Des Jersey demi-longues. Armand les plante en février, avant tout le monde, avant les fèves même. On le voit de la cour, plié en deux, qui enfonce le bulbe serré entre trois doigts. Les houppes sortent de terre, tous les vingt centimètres, bravant les frimas. Ce sont les échalotes, ça sent la fin de l’hiver, on ne le sait pas encore, mais on le devine à l’air qui mollit. Les petits viennent et se suspendent au grillage, les mains accrochées, le nez dans les mailles et disent tu fais quoi Armand… alors, quand la maîtresse regarde ailleurs, Armand fouille sa poche, en sort des bonbons et les glisse à travers, dans les petites menottes ouvertes. Tout à l’heure, la maîtresse demandera c’est quoi ces bonbons… les petits ne diront rien… de toute façon, ils auront la bouche pleine.

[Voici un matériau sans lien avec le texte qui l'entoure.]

Lemma cvg_series_tail (R : realType) (g : nat -> R) (S : R) K :
  series g @ \oo --> S ->
  series (fun k => if (K <= k)%N then g k else 0) @ \oo --> S - series g K.
Proof.
move=> cvg_g; apply: cvg_trans (cvgB cvg_g (cvg_cst (series g K))).
apply: near_eq_cvg; near=> n.
have Kn : (K <= n)%N by near: n; exists K.
have split (f : nat -> R) :
    \sum_(0 <= k < n) f k = \sum_(0 <= k < K) f k + \sum_(K <= k < n) f k.
  exact: big_cat_nat.
rewrite /series /= !fctE !split addrAC subrr add0r.
rewrite [X in _ = X + _]big1_seq ?add0r; last first.
  by move=> k /andP[_]; rewrite mem_index_iota => /andP[_ kK]; rewrite leqNgt kK.
by apply: eq_big_seq => k; rewrite mem_index_iota => /andP[->].
Unshelve. all: by end_near. Qed.

Lemma series_le_lim (R : realType) (u : nat -> R) (S : R) :
  (forall k, 0 <= u k) -> series u @ \oo --> S -> forall n, series u n <= S.
Proof.
move=> u_ge0 cvg_u n; rewrite -(cvg_lim _ cvg_u) //.
apply: nondecreasing_cvgn_le; last by apply/cvg_ex; exists S.
by move=> i j ij; rewrite /series /= (big_cat_nat (leq0n i) ij) lerDl sumr_ge0.
Qed.

Definition size_biased (R : realType) (p : nat -> R) (mu : R) (k : nat) : R :=
  k%:R * p k / mu.

Lemma size_biased_mean_cvg (R : realType) (p : nat -> R) (mu sigma2 : R) : mu != 0 ->
  series p @ \oo --> (1 : R) ->
  series (fun k => k%:R * p k) @ \oo --> mu ->
  series (fun k => (k%:R - mu) ^+ 2 * p k) @ \oo --> sigma2 ->
  series (fun k => k%:R * size_biased p mu k) @ \oo --> (sigma2 + mu ^+ 2) / mu.
Proof.
move=> mu0 sum_p mean_p var_p.
have -> : series (fun k => k%:R * size_biased p mu k) =
    (fun n => (series (fun k => (k%:R - mu) ^+ 2 * p k) n +
      2 * mu * series (fun k => k%:R * p k) n - mu ^+ 2 * series p n) / mu).
  apply/funext => n; rewrite /series /= !big_distrr /= -sumrN -!big_split /= mulr_suml.
  by apply: eq_bigr => k _; rewrite /size_biased; field.
apply: cvgMr_tmp; rewrite (_ : sigma2 + mu ^+ 2 = sigma2 + 2 * mu * mu - mu ^+ 2 * 1).
  by apply: cvgB; [apply: cvgD => //; exact: cvgMl_tmp | exact: cvgMl_tmp].
by rewrite mulr1; ring.
Qed.

Lemma ratio_cvg0 (R : realType) (a c q tail : nat -> R) (S pi : R) :
  0 < pi -> 0 <= S -> q @ \oo --> 0 -> tail @ \oo --> 0 ->
  (forall m, 0 <= q m) -> (forall K, 0 <= tail K) ->
  (forall m, 0 < a m) -> (forall m, 0 <= c m) ->
  (forall m, pi * q m <= a m) ->
  (forall m K, c m <= q m * (K%:R * q m * S + tail K)) ->
  (fun m => c m / a m) @ \oo --> 0.
Proof.
move=> pi_gt0 S_ge0 q0 tail0 q_ge0 tail_ge0 a_gt0 c_ge0 a_ge c_le.
have ratio_le m K : c m / a m <= (K%:R * q m * S + tail K) / pi.
  have X_ge0 : 0 <= K%:R * q m * S + tail K by rewrite addr_ge0 // !mulr_ge0.
  rewrite ler_pdivrMr // mulrAC ler_pdivlMr //.
  have := c_le m K; have := a_ge m; have := q_ge0 m; nra.
apply/cvgrPdist_le => e e_gt0.
have e2_gt0 : 0 < e * pi / 2 by rewrite divr_gt0 // mulr_gt0.
have [K _ tailK] := (cvgrPdist_le _ _).1 tail0 _ e2_gt0.
have tK : tail K <= e * pi / 2.
  by have := tailK K (leqnn K); rewrite sub0r normrN ger0_norm.
have qKS : (fun m => K%:R * S * q m) @ \oo --> 0.
  by rewrite -(mulr0 (K%:R * S)); exact: cvgMl_tmp.
have [M _ qM] := (cvgrPdist_le _ _).1 qKS _ e2_gt0.
near=> m.
have /qM : (M <= m)%N by near: m; exists M.
rewrite sub0r normrN ger0_norm ?mulr_ge0 // => qm.
have ca_ge0 : 0 <= c m / a m by rewrite divr_ge0 // ltW.
rewrite sub0r normrN ger0_norm //.
apply: le_trans (ratio_le m K) _; rewrite ler_pdivrMr //; nra.
Unshelve. all: by end_near. Qed.

Section galton_watson.
Context d (T : measurableType d) (R : realType) (P : probability T R).
Context (p : nat -> R) (mu : R) (Y : gw_index -> T -> nat).
Hypothesis p_ge0 : forall k, 0 <= p k.
Hypothesis mean_p : series (fun k => k%:R * p k) @ \oo --> mu.
Hypothesis mu_gt0 : 0 < mu.
Hypothesis mY : forall i k, measurable [set w | Y i w = k].
Hypothesis indepY : mutually_independent P Y.
Hypothesis law_star : forall k, P [set w | Y None w = k] = (size_biased p mu k)%:E.
Hypothesis law_tree : forall j u k, P [set w | Y (Some (j, u)) w = k] = (p k)%:E.

Definition tree_index (j : nat) (u : seq nat) : gw_index := Some (j, u).
Definition subtree_index (j i : nat) (u : seq nat) : gw_index := Some (j, i :: u).

(* Definitionally the event summed in [Nm Y m]. *)
Definition tree_height_ge (j m : nat) : set T :=
  subfamily Y (tree_index j) @^-1` height_at_least m.

Definition survival (m : nat) : R := fine (P (tree_height_ge 1 m)).

Lemma sigma_tree_height_ge j m :
  <<s cylinders Y (range (tree_index j)) >> (tree_height_ge j m).
Proof. apply: sigma_subfamily; exact: path_sigma_height_at_least. Qed.

Lemma measurable_tree_height_ge j m : measurable (tree_height_ge j m).
Proof. apply: measurable_subfamily => //; exact: path_sigma_height_at_least. Qed.

Lemma P_tree_height_ge j m : P (tree_height_ge j m) = (survival m)%:E.
Proof.
rewrite /survival fineK; last first.
  by rewrite fin_num_measure //; exact: measurable_tree_height_ge.
apply: same_law_subfamily => //; last exact: path_sigma_height_at_least.
- by move=> u v [].
- by move=> u v [].
- by move=> u k; rewrite !law_tree.
Qed.

Lemma P_subtree_height_ge j i m :
  P (subfamily Y (subtree_index j i) @^-1` height_at_least m) = (survival m)%:E.
Proof.
rewrite -(P_tree_height_ge 1); apply: same_law_subfamily => //.
- by move=> u v [].
- by move=> u v [].
- by move=> u k; rewrite !law_tree.
- exact: path_sigma_height_at_least.
Qed.

Lemma survival_ge0 m : 0 <= survival m.
Proof. exact: fine_ge0. Qed.

Lemma survival_le1 m : survival m <= 1.
Proof.
rewrite -lee_fin -(P_tree_height_ge 1); apply: probability_le1.
exact: measurable_tree_height_ge.
Qed.

Lemma P_root_subtree j i k m :
  P ([set w | Y (Some (j, [::])) w = k] `&`
     subfamily Y (subtree_index j i) @^-1` height_at_least m) = (p k * survival m)%:E.
Proof.
rewrite (@sigma_cylinders_indep _ _ _ _ _ _ mY indepY [set Some (j, [::])]
  (range (subtree_index j i))).
- by rewrite law_tree P_subtree_height_ge.
- by move=> _ -> [u _].
- exact: sigma_cylinders_level.
- apply: sigma_subfamily; exact: path_sigma_height_at_least.
Qed.

Lemma survival_succ_le m : survival m.+1 <= mu * survival m.
Proof.
rewrite -lee_fin -(P_tree_height_ge 1).
pose root_eq k := [set w | Y (Some (1%N, [::])) w = k].
have := measure_le_sum_level_sets P (measurable_tree_height_ge 1 m.+1)
  (mY (Some (1%N, [::]))).
move/le_trans; apply.
apply: (@le_trans _ _ (\sum_(k <oo) (k%:R * (p k * survival m))%:E)%E).
  apply: lee_nneseries => // k _.
  rewrite -[X in X%:R](size_iota 0 k).
  apply: (measure_le_cover (F := fun i => root_eq k `&`
    subfamily Y (subtree_index 1 i) @^-1` height_at_least m)).
  - exact: measurableI (measurable_tree_height_ge _ _) (mY _ _).
  - move=> i; apply: measurableI; first exact: mY.
    apply: measurable_subfamily => //; exact: path_sigma_height_at_least.
  - move=> w [/height_ge_S[i ilt hi] /= Yk]; exists i; last by split.
    by rewrite mem_iota add0n -Yk.
  - by move=> i _; rewrite P_root_subtree.
rewrite (@eseries_EFin _ _ (mu * survival m)) //.
rewrite (_ : series _ = (fun n => series (fun k => k%:R * p k) n * survival m)).
  exact: cvgMr_tmp.
by apply/funext => n; rewrite /series /= big_distrl; apply: eq_bigr => k _; rewrite mulrA.
Qed.

Lemma survival_le_expr m : survival m <= mu ^+ m.
Proof.
elim: m => [|m IHm]; first exact: survival_le1.
by apply: le_trans (survival_succ_le m) _; rewrite exprS ler_wpM2l // ltW.
Qed.

Lemma survival_cvg0 : mu < 1 -> survival @ \oo --> 0.
Proof.
move=> mu_lt1; apply: (@squeeze_cvgr _ _ _ _ (fun=> 0) (fun m => mu ^+ m)).
- by apply: nearW => m; rewrite survival_ge0 survival_le_expr.
- exact: cvg_cst.
- by apply: cvg_expr; rewrite ger0_norm // ltW.
Qed.

Lemma measurable_Nm m (Q : set nat) : measurable [set w | Q (Nm Y m w)].
Proof.
rewrite (_ : [set w | _] = \bigcup_k ([set w | Y None w = k] `&`
    [set w | Q (\sum_(j <- index_iota 1 k) asbool (tree_height_ge j m w))%N])).
  apply: bigcup_measurable => k _; apply: measurableI; first exact: mY.
  by apply: measurable_count => j; exact: measurable_tree_height_ge.
apply/seteqP; split=> w /=; first by move=> QN; exists (Y None w).
by move=> [k _ [/= <-]].
Qed.

Lemma P_star_tree k j m :
  P ([set w | Y None w = k] `&` tree_height_ge j m) =
  (size_biased p mu k * survival m)%:E.
Proof.
rewrite (@sigma_cylinders_indep _ _ _ _ _ _ mY indepY [set None] (range (tree_index j))).
- by rewrite law_star P_tree_height_ge.
- by move=> _ -> [u _].
- exact: sigma_cylinders_level.
- exact: sigma_tree_height_ge.
Qed.

Lemma P_star_tree2 k i j m : i != j ->
  P ([set w | Y None w = k] `&` tree_height_ge i m `&` tree_height_ge j m) =
  (size_biased p mu k * survival m ^+ 2)%:E.
Proof.
move=> ij; rewrite (@sigma_cylinders_indep3 _ _ _ _ _ _ mY indepY [set None]
  (range (tree_index i)) (range (tree_index j))).
- by rewrite law_star !P_tree_height_ge -!EFinM -mulrA expr2.
- by move=> _ -> [u _].
- by move=> _ -> [u _].
- by move=> _ [u _ <-] [v _ [ji _]]; move: ij; rewrite ji eqxx.
- exact: sigma_cylinders_level.
- exact: sigma_tree_height_ge.
- exact: sigma_tree_height_ge.
Qed.

Lemma size_biased_ge0 k : 0 <= size_biased p mu k.
Proof. by rewrite divr_ge0 ?mulr_ge0 // ltW. Qed.

Lemma measurable_Nm_star (Q : set nat) m k :
  measurable ([set w | Q (Nm Y m w)] `&` [set w | Y None w = k]).
Proof. exact: measurableI (measurable_Nm _ _) (mY _ _). Qed.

Là, ça y est, on est dans les beaux jours, ils ont fini d’ensiler, ils vont faner bientôt, et roundballer encore, la noria des tracteurs dans le couchant, les pollens qui agacent, les yeux de la maîtresse qui pleurent, c’est bientôt la kermesse et les vacances. Tu fais quoi Armand, disent les petits. On le voit. Il passe entre les rangs pour cueillir les fèves. Le panier est plein. Des Séville à longue cosse. Comme des castagnettes. Tu fais quoi, Armand… il en prend une, il ouvre la gousse, étend les graines sur la paume et leur montre aux petits... on la mange nature, ou à la croque-au-sel comme les radis. Il leur montre. C’est meilleur comme ça. C’est mieux que les bonbons. La maîtresse regarde.

En juillet, la cour est muette. Lulu a fait le grand ménage dans les classes, les guêpes se cognent contre les baies vitrées du préau couvert, les touffes d’herbe pointent dans les faiblesses du bitume, les feuilles d’acacia commencent à jaunir et à tomber, grillées par la sécheresse. L’orage les emportera dans le caniveau. Armand ne parle plus à grand monde sous son chapeau de paille. Il s’ennuie et sa hanche lui fait mal. La citerne est loin des plants de haricots, des haricots à ne savoir qu’en faire, maintenant… Sa femme est morte, en plein été, comme ça, alors qu’ils suspendaient les guirlandes de la fête votive. La voiture sono passait mais d’un coup, dans la vie d’Armand, il n’entend plus rien et la lumière se trouble… c’est tombé comme une brume sur la transparence du monde.

Une prochaine fois, dans une autre saison, le ballon passera dans le jardin du voisin.
Il s’écrasera sur la friche.
On le verra rouler dans le liseron, la chélidoine, l’angélique et la carotte sauvage.
On attendra quelqu’un pour le relancer…
On attendra quelqu’un…
Il est où Armand… demanderont les petits.